The input of described first variable-frequency power sources (P1) is used for connecting three-phase alternating current, the outfan of described first variable-frequency power sources (P1) electrically connects with the low-pressure side of described first exciting transformer (T1), the high-pressure side polar end of described first exciting transformer (T1) is used for connecting converter transformer valve side winding head end (Gv1) to be measured, the high-pressure side non-polar end ground connection of described first exciting transformer (T1)；The head end of described first parallel circuit (R1) is used for connecting described converter transformer valve side winding head end (Gv1) to be measured, the tail end ground connection of described first parallel circuit (R1)；

The input of described second variable-frequency power sources (P2) is used for connecting three-phase alternating current, the outfan of described second variable-frequency power sources (P2) electrically connects with the low-pressure side of described second exciting transformer (T2), the high-pressure side non-polar end of described second exciting transformer (T2) is used for connecting converter transformer valve side winding tail end (Gv2) to be measured, the high-pressure side polar end ground connection of described second exciting transformer (T2)；The head end of described second parallel circuit (R2) is used for connecting described converter transformer valve side winding tail end (Gv2) to be measured, the tail end ground connection of described second parallel circuit (R2)；

Described change of current changed situation is put assay device and is also included that a net side voltage-dividing capacitor, the head end of described net side voltage-dividing capacitor are used for connecting the described change of current to be measured and become source side winding head end (Ge1), the tail end ground connection of the head end of net side voltage-dividing capacitor；

Described PD meter (M) is used for detecting the office of the described change of current to be measured change (G) and puts value.

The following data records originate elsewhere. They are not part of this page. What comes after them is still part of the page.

(* Let C be a vertex cover of G with a matching c |-> f c of C into the
   complement of C, and put U = C :|: f(C).  In the Koszul complex of S/NI(G)
   the basis element x^C e_(U \ C), of bidegree (|C|, 2|C|), is a cycle: every
   neighbour of a vertex k of U \ C lies in C, so x_k x^C lies in NI(G).  It is
   not a boundary: the linear form sending x^(U \ F) e_F to a sign whenever F
   contains exactly one end of every matching edge, and every other basis
   element to 0, kills all boundaries (in the differential of a basis element
   only the two faces dropping an end of the one doubled matching edge
   survive, and the signs make them cancel), yet it is nonzero on our cycle.
   Hence beta_(|C|, 2|C|) <> 0 and reg(S/NI(G)) >= |C| >= tau(G).
   A bipartite graph has such a cover by Koenig's argument: Hall's condition
   holds from each side of a minimum cover into its complement.  In a very
   well-covered graph take C = ~: S for a maximal independent set S; Hall's
   condition for S into C holds because a minimal violator could be exchanged
   into a maximal independent set, making it larger than |V|/2. *)

From mathcomp Require Import all_boot all_order all_algebra.
From mathcomp Require Import ring zify.
Set Implicit Arguments. Unset Strict Implicit. Unset Printing Implicit Defensive.
Import Order.TTheory GRing.Theory.

Section Algebra.
Local Open Scope ring_scope.

(* Splitting along the enumeration order avoids dividing by 2. *)
Lemma sum_alternating (I : finType) (V : zmodType) (f : I -> I -> V) :
  (forall k l, f l k = - f k l) -> (forall k, f k k = 0) ->
  \sum_k \sum_l f k l = 0.
Proof.
move=> f_anti f_diag.
pose g k l := if (enum_rank k < enum_rank l)%N then f k l else 0.
have fE k l : f k l = g k l - g l k.
  rewrite /g; case: ltngtP => [_|_|/val_inj/enum_rank_inj->].
  - by rewrite subr0.
  - by rewrite sub0r f_anti.
  - by rewrite f_diag subrr.
under eq_bigr => k _ do under eq_bigr => l _ do rewrite fE.
under eq_bigr => k _ do rewrite sumrB.
by rewrite sumrB [X in _ - X]exchange_big subrr.
Qed.

Lemma sum_enum_val (I : finType) (V : zmodType) (F : I -> V) :
  \sum_(i < #|{: I}|) F (enum_val i) = \sum_i F i.
Proof. by rewrite -big_enum_val. Qed.

Lemma mxrank_add_ltn_cycle (K : fieldType) (n p q : nat)
    (A : 'M[K]_(p, n)) (B : 'M[K]_(n, q)) (z : 'rV[K]_n) (c : 'cV[K]_n) :
  A *m B = 0 -> z *m B = 0 -> A *m c = 0 -> z *m c != 0 ->
  (\rank A + \rank B < n)%N.
Proof.
move=> AB0 zB0 Ac0 zc_neq0.
have zA : ~~ (z <= A)%MS.
  by apply: contra zc_neq0 => /submxP[D ->]; rewrite -mulmxA Ac0 mulmx0.
have ltA : (A < A + z)%MS.
  by rewrite ltmxE addsmxSl; apply: contra zA; apply: submx_trans (addsmxSr _ _).
have : (A + z <= kermx B)%MS by rewrite addsmx_sub; apply/andP; split; apply/sub_kermxP.
move/mxrankS; rewrite mxrank_ker; have := rank_ltmx ltA; lia.
Qed.

End Algebra.

Section KoszulComplex.
Variables (T : finType) (e : rel T) (K : fieldType).
Local Open Scope ring_scope.

Definition incr (m : T -> nat) (k : T) : T -> nat := fun v => (m v + (v == k))%N.

Definition kexp i j (b : KB e i j) : T -> nat := fun v => (val b).1 v.

Definition before (u w : T) : bool := (enum_rank u < enum_rank w)%N.

Lemma eq_in_NI (m m' : T -> nat) : m =1 m' -> in_NI e m = in_NI e m'.
Proof.
by move=> mm'; apply: eq_existsb => v; apply: eq_forallb => w; rewrite mm'.
Qed.

Lemma in_NI_le (m m' : T -> nat) :
  (forall v, m v <= m' v)%N -> in_NI e m -> in_NI e m'.
Proof.
move=> le_mm' /existsP[v /forall_inP mv]; apply/existsP; exists v.
by apply/forall_inP => w /mv /leq_trans; apply.
Qed.

Lemma sum_kentry i j (a : KB e i.+1 j) (psi : (T -> nat) -> {set T} -> K) :
    (forall m m' F, m =1 m' -> psi m F = psi m' F) ->
    (forall m F, psi m F != 0 -> ~~ in_NI e m) ->
  \sum_(b : KB e i j) kentry K a b * psi (kexp b) (val b).2 =
  \sum_(k in (val a).2) ksign K (val a).2 k * psi (incr (kexp a) k) ((val a).2 :\ k).
Proof.
move=> psi_ext psi_NI; rewrite /kentry.
under eq_bigr => b _ do rewrite mulr_suml big_mkcondr.
rewrite exchange_big /=; apply: eq_bigr => k kF; rewrite -big_mkcond /=.
have [psi0|psi_neq0] := eqVneq (psi (incr (kexp a) k) ((val a).2 :\ k)) 0.
  rewrite psi0 mulr0 big1 // => b /andP[/eqP Fb /forallP mb].
  by rewrite (psi_ext _ (incr (kexp a) k)) => [|v]; [rewrite Fb psi0 mulr0 | exact/eqP/mb].
case/and3P: (svalP a) => /eqP deg_a /eqP card_a _.
have ltj v : (incr (kexp a) k v < j.+1)%N.
  rewrite ltnS; apply: leq_trans (eq_leq deg_a); apply: leq_add.
    by rewrite (bigD1 v) ?leq_addr.
  by case: (v == k) => //; rewrite card_gt0; apply/set0Pn; exists k.
pose m0 : {ffun T -> 'I_j.+1} := [ffun v => Ordinal (ltj v)].
have kb0 : koszul_pred e i (m0, (val a).2 :\ k).
  have card_b : #|(val a).2 :\ k| = i by move: (cardsD1 k (val a).2); rewrite kF card_a => -[].
  rewrite /koszul_pred /= card_b eqxx (eq_in_NI (m' := incr (kexp a) k)); last first.
    by move=> v; rewrite ffunE.
  rewrite (psi_NI _ _ psi_neq0) !andbT; apply/eqP; apply: etrans deg_a.
  rewrite card_a addnS -addSn; congr (_ + _)%N.
  under eq_bigr => v _ do rewrite ffunE /=.
  rewrite /incr /kexp big_split /= -[RHS]addn1; congr (_ + _)%N.
  by rewrite (bigD1 k) //= eqxx big1 // => v /negbTE ->.
pose b0 : KB e i j := exist _ (m0, (val a).2 :\ k) kb0.
rewrite (bigD1 b0) /=; last by rewrite eqxx; apply/forallP => v; rewrite ffunE.
rewrite big1 ?addr0 => [|b /andP[/andP[/eqP Fb /forallP mb] /eqP[]]].
  by rewrite (psi_ext _ (incr (kexp a) k)) // => v; rewrite /kexp /= ffunE.
apply: val_inj; case: b Fb mb => [[m F] _] /= -> mb; congr (_, _).
by apply/ffunP => v; apply: val_inj; rewrite ffunE; exact/eqP/mb.
Qed.

Lemma before_swap (u w : T) : u != w -> before w u = ~~ before u w.
Proof.
move=> uw; rewrite /before; case: ltngtP => // /val_inj/enum_rank_inj wu.
by rewrite wu eqxx in uw.
Qed.

Lemma before_irr (u : T) : before u u = false.
Proof. exact: ltnn. Qed.

Lemma ksign_prod (F : {set T}) (k : T) :
  ksign K F k = \prod_(u in F) (-1) ^+ before u k.
Proof.
rewrite /ksign -prodr_const big_mkcond [RHS]big_mkcond /=.
by apply: eq_bigr => u _; rewrite inE /before; case: (u \in F); case: ltnP.
Qed.

Lemma ksign_setU1 (F : {set T}) (y k : T) :
  y \notin F -> ksign K (y |: F) k = (-1) ^+ before y k * ksign K F k.
Proof. by move=> yF; rewrite !ksign_prod big_setU1. Qed.

Lemma ksignD1 (F : {set T}) (l k : T) :
  l \in F -> ksign K F k = (-1) ^+ before l k * ksign K (F :\ l) k.
Proof. by move=> lF; rewrite -ksign_setU1 ?setD11 // setD1K. Qed.

Lemma ksign_swap (F : {set T}) (k l : T) : k \in F -> l \in F -> k != l ->
  ksign K F l * ksign K (F :\ l) k = - (ksign K F k * ksign K (F :\ k) l).
Proof.
move=> kF lF kl; rewrite (ksignD1 l kF) (ksignD1 k lF) (before_swap kl) signrN.
by rewrite !mulNr opprK mulrAC.
Qed.

Lemma mulmx_kmat i j : kmat e K i.+1 j *m kmat e K i j = 0.
Proof.
apply/matrixP => a c; rewrite !mxE.
under eq_bigr => b _ do rewrite !mxE.
rewrite (sum_enum_val (fun b => kentry K (enum_val a) b * kentry K b (enum_val c))).
set a' := enum_val a; set c' := enum_val c.
pose psi (m : T -> nat) (F : {set T}) := \sum_(l in F | ((val c').2 == F :\ l) &&
                   [forall v, (val c').1 v == incr m l v :> nat]) ksign K F l.
rewrite (@sum_kentry _ _ a' psi); first last.
- move=> m F; apply: contra => m_NI; apply/eqP; rewrite /psi big1 // => l.
  case/and3P=> _ _ /forallP c_eq; case/and3P: (svalP c') => _ _; case/negP.
  by apply: in_NI_le m_NI => v; rewrite (eqP (c_eq v)) leq_addr.
- by move=> m m' F mm'; apply: eq_bigl => l; under eq_forallb => v do rewrite /incr mm'.
set Fa := (val a').2.
(* f k l is the contribution of removing k, then l, from Fa. *)
pose f k l := if [&& k \in Fa, l \in Fa, k != l, (val c').2 == Fa :\ k :\ l &
                  [forall v, (val c').1 v == incr (incr (kexp a') k) l v :> nat]]
              then ksign K Fa k * ksign K (Fa :\ k) l else 0.
have -> : \sum_(k in Fa) ksign K Fa k * psi (incr (kexp a') k) (Fa :\ k) =
          \sum_k \sum_l f k l.
  rewrite [RHS](bigID (mem Fa)) /= [X in _ + X]big1 ?addr0 => [|k /negbTE kF]; last first.
    by rewrite big1 // => l _; rewrite /f kF.
  apply: eq_bigr => k kF; rewrite /psi mulr_sumr big_mkcond /= big_mkcond /=.
  apply: eq_bigr => l _; rewrite /f kF !inE.
  by case: (eqVneq k l) => [<-|kl]; rewrite /= ?andbF ?andbT ?andbA.
apply: sum_alternating => [k l|k]; last by rewrite /f eqxx !andbF.
rewrite /f setDDl setUC -setDDl [l == k]eq_sym.
have -> : [forall v, (val c').1 v == incr (incr (kexp a') l) k v :> nat] =
          [forall v, (val c').1 v == incr (incr (kexp a') k) l v :> nat].
  by apply: eq_forallb => v; rewrite /incr addnAC.
have [kF|] := boolP (k \in Fa); have [lF|] := boolP (l \in Fa); rewrite /= ?oppr0 //.
have [kl|] := boolP (k != l); rewrite /= ?oppr0 //.
by case: ifP => _; rewrite ?oppr0 // ksign_swap.
Qed.

Lemma kentry_cycle i j (b : KB e i.+1 j) (c : KB e i j) :
  (forall k, k \in (val b).2 -> in_NI e (incr (kexp b) k)) -> kentry K b c = 0.
Proof.
move=> b_cycle; rewrite /kentry big1 // => k /andP[kF /andP[_ /forallP c_eq]].
case/and3P: (svalP c) => _ _ /negP[]; apply: in_NI_le (b_cycle k kF) => v.
by rewrite (eqP (c_eq v)).
Qed.

(* The first hypothesis says that b is a cycle: multiplying its monomial by any
   x_k with k in its exterior part lands in NI(G). *)
Lemma betti_neq0 i j (b : KB e i j) (psi : KB e i j -> K) :
    (forall k, k \in (val b).2 -> in_NI e (incr (kexp b) k)) ->
    (forall a : KB e i.+1 j, \sum_c kentry K a c * psi c = 0) ->
  psi b != 0 -> betti e K i j != 0%N.
Proof.
move=> b_cycle psi_cocycle psi_b.
pose z : 'rV[K]_#|{: KB e i j}| := delta_mx 0 (enum_rank b).
pose c : 'cV[K]_#|{: KB e i j}| := \col_l psi (enum_val l).
have Ac0 : kmat e K i j *m c = 0.
  apply/matrixP => a k; rewrite !mxE -[RHS](psi_cocycle (enum_val a)) -[RHS]sum_enum_val.
  by apply: eq_bigr => l _; rewrite !mxE.
have zc_neq0 : z *m c != 0.
  apply: contra psi_b => /eqP/matrixP/(_ 0 0); rewrite -rowE !mxE enum_rankK => ->.
  exact: eqxx.
have zE : z = delta_mx 0 (enum_rank b) by [].
clearbody z c; rewrite /betti; case: i b b_cycle z zE c zc_neq0 Ac0 {psi_cocycle psi psi_b}.
  move=> _ _ z _ c zc_neq0 Ac0.
  have := @mxrank_add_ltn_cycle K _ _ 1 _ 0 z c (mulmx0 _ _) (mulmx0 _ _) Ac0 zc_neq0.
  by rewrite mxrank0; lia.
move=> i b b_cycle z zE c zc_neq0 Ac0.
have zB0 : z *m kmat e K i j = 0.
  by apply/rowP => k; rewrite zE -rowE !mxE enum_rankK kentry_cycle.
have := mxrank_add_ltn_cycle (mulmx_kmat i j) zB0 Ac0 zc_neq0; lia.
Qed.

End KoszulComplex.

Change of current changed situation the most according to claim 1 puts assay device, it is characterized in that, described exciting transformer (T) includes that the first exciting transformer (T1), described parallel circuit (R) include the first parallel circuit (R1)；

The outfan of described first variable-frequency power sources (P1) and described second variable-frequency power sources (P2) is simultaneously connected with the low-pressure side of described first exciting transformer (T1), the high-pressure side polar end of described first exciting transformer (T1) is connected with the head end of described first parallel circuit (R1), the high-pressure side non-polar end of described first exciting transformer (T1) is connected with the tail end of described first parallel circuit (R1), the head end of described first parallel circuit (R1) is used for connecting described converter transformer valve side winding head end (Gv1) to be measured, the tail end ground connection of described first parallel circuit (R1)；

Described change of current changed situation is put assay device and is also included that a net side voltage-dividing capacitor, the head end of described net side voltage-dividing capacitor are used for connecting the described change of current to be measured and become source side winding head end (Ge1), the tail end ground connection of described net side voltage-dividing capacitor；

Described PD meter (M) is used for detecting the office of the change of current to be measured change (G) and puts value.

Change of current changed situation the most according to claim 1 puts assay device, it is characterised in that be provided with detection impedance (Zm) in described PD meter (M), and value is put in the office being detected the described change of current to be measured change by described detection impedance (Zm).

Change of current changed situation the most according to claim 1 puts assay device, it is characterised in that be provided with voltmeter in described dividing potential drop branch road, and shown voltmeter is for the magnitude of voltage of experiment with measuring circuit.